EGU General Assembly 2022
© Author(s) 2022. This work is distributed under
the Creative Commons Attribution 4.0 License.

Mechanisms behind climate oscillations in last glacial maximum simulations

Yvan Romé, Ruza Ivanovic, and Lauren Gregoire
Yvan Romé et al.
  • University of Leeds, School of Earth and Environment, ICAS, Leeds, United Kingdom of Great Britain – England, Scotland, Wales (

Millennial-scale variability has been extensively observed across the last glacial period records (115 to 12 thousand years ago) but reproducing it on general circulation models remains a challenge. In recent years, a growing number of climate models have reported simulations with oscillating behaviours comparable to typical abrupt climate changes, although often relying on unrealistic forcing fields and/or boundary conditions. This may become an issue when trying to review the mechanisms at stake because of glacial climates’ sensitivity to these parameters, notably ice sheets geometry and greenhouse gases concentration.

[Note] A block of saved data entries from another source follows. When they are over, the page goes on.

Theorem mainTheorem7 (psi : Face -> pt) (F : Face -> Face -> Prop)
    (o : White -> (Face * Face) * White) :
  is_Tgraph psi -> nondegenerate psi -> spanning_forest psi F ->
  oriented_towards_ends psi F o ->
  perfect_matching (matchedM psi o).
Proof.
  intros _ Hnd Hforest Hot. split; [| split].
  - intros w b [Hadj _]; exact Hadj.
  - intros w. destruct (matched_white_exists psi F o Hnd Hot w) as [b Hb].
    exists b. split; [exact Hb |].
    intros b'; exact (matched_white_unique psi F o Hnd Hot w b b' Hb).
  - intros b. destruct (matched_black_exists psi F o Hnd Hforest Hot b) as [w Hw].
    exists w. split; [exact Hw |].
    intros w'; exact (matched_black_unique psi F o Hnd Hforest Hot b w w' Hw).
Qed.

With the addition of snapshots of the early last deglaciation meltwater history over a last glacial maximum (~21 thousand years ago) equilibrium simulation, we obtained different regimes of climate variability, including oscillations that provides the perfect framework for studying abrupt climate changes dynamics in a glacial background. The oscillations consist of shifts between cold modes with a weak to almost collapsed Atlantic Meridional Ocean Circulation (AMOC) and warmer and stronger AMOC modes, with large reorganisation of the deep-water formation sites, surface ocean and atmospheric circulations. The phenomenon has a periodicity of roughly every 1500 years and can be linked to changes of about 10°C in Greenland. This new set of simulation suggests an intricate large-scale coupling between ice, ocean, and atmosphere in the North Atlantic when meltwater is discharged to the North Atlantic.

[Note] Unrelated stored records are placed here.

(* If two tiles a + [0,1)^d and b + [0,1)^d, with a = A v and b = A w, both meet the
   ball of radius D/2 about p, where D = Delta_A, then every row of u = v - w satisfies
   |u_k + sum_(j > k) a_kj u_j| < 1 + D.  Reading u from its last entry backwards, the
   inequalities defining Delta_A force u in {-1,0,1}^d and make consecutive nonzero
   entries of u alternate in sign: if u_f is the first nonzero entry after k, then for
   i <= k the tail sum_(j > k) a_ij u_j has the sign of u_f and modulus in [D, a_if].
   A family of integer vectors with these two pairwise properties has at most d + 1
   members: label v by the least k such that another member agrees with v above k and is
   smaller at k (or by d if there is none); alternation makes this label injective. *)

Section ReclusiveDistance.
Variables (R : realType) (d : nat).

Definition reclusive_gap (A : 'M[R]_d) (D : R) : Prop :=
  [/\ 0 <= D <= 1,
      (forall i j : 'I_d, (i < j)%N -> D <= A i j /\ D <= 1 - A i j) &
      (forall i j j' : 'I_d, (i < j)%N -> (j < j')%N -> D <= A i j - A i j')].

Lemma reclusive_entry_gt0 (A : 'M[R]_d) (i j : 'I_d) : reclusive A -> (i < j)%N ->
  0 < A i j /\ 0 < 1 - A i j.
Proof.
by case=> _ Adiag Adec ij; have [] := Adec i i j (leqnn i) ij; rewrite Adiag subr_gt0.
Qed.

Lemma rdist_gt0 (A : 'M[R]_d) : reclusive A -> (0 < rdist A)%E.
Proof.
move=> rA; have [_ _ Adec] := rA.
rewrite /rdist /rdelta1 !lt_min lte_fin ltr01 /=.
apply/and3P; split; apply: lt_bigmin => [|k _]; rewrite ?ltry //;
  apply: lt_bigmin => [|j kj]; rewrite ?ltry //; try by rewrite lte_fin; have [] := reclusive_entry_gt0 rA kj.
apply: lt_bigmin => [|j' jj']; rewrite ?ltry // lte_fin subr_gt0.
by have [] := Adec k j j' (ltnW kj) jj'.
Qed.

Lemma reclusive_gap_rdist (A : 'M[R]_d) : reclusive A -> reclusive_gap A (fine (rdist A)).
Proof.
move=> rA; have := rdist_gt0 rA.
have le1 : (rdist A <= 1%:E)%E by rewrite /rdist !ge_min lexx.
have le2 (i j : 'I_d) : (i < j)%N -> (rdist A <= (1 - A i j)%:E)%E.
  move=> ij; rewrite /rdist !ge_min; apply/orP; left; apply/orP; right.
  exact: le_trans (bigmin_le _ i _) (bigmin_le_cond _ _ ij).
have le3 (i j : 'I_d) : (i < j)%N -> (rdist A <= (A i j)%:E)%E.
  move=> ij; rewrite /rdist !ge_min; apply/orP; right; apply/orP; left.
  exact: le_trans (bigmin_le _ i _) (bigmin_le_cond _ _ ij).
have le4 (i j j' : 'I_d) : (i < j)%N -> (j < j')%N -> (rdist A <= (A i j - A i j')%:E)%E.
  move=> ij jj'; rewrite /rdist !ge_min; apply/orP; right; apply/orP; right.
  apply: le_trans (bigmin_le _ i _) _; apply: le_trans (bigmin_le_cond _ _ ij) _.
  exact: bigmin_le_cond.
move: le1 le2 le3 le4; case: (rdist A) => [r| |] //= r1 r2 r3 r4 r0.
split; first by rewrite -!lee_fin ltW.
- by move=> i j ij; rewrite -!lee_fin; split; [apply: r3 | apply: r2].
- by move=> i j j' ij jj'; rewrite -lee_fin; apply: r4.
Qed.
End ReclusiveDistance.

Most attempts at theorising millennial-scale variability have involved vast transfers of salt between the subtropical and subpolar gyres, often referred to as the salt oscillator mechanism, that in turn controlled the intensity of the north Atlantic current. We believe that the salt oscillator is in fact part of a larger harmonic motion spanning through all components of the climate system and that can enter into resonance under the specific boundary conditions and/or forcing. Illustrated by the mapping of the main salinity and heat fluxes on the oscillating simulations, we propose a new interpretation of the salt oscillator that includes the stochastic resonance phenomenon as well as the effect of meltwater forcing.

How to cite: Romé, Y., Ivanovic, R., and Gregoire, L.: Mechanisms behind climate oscillations in last glacial maximum simulations, EGU General Assembly 2022, Vienna, Austria, 23–27 May 2022, EGU22-2784,, 2022.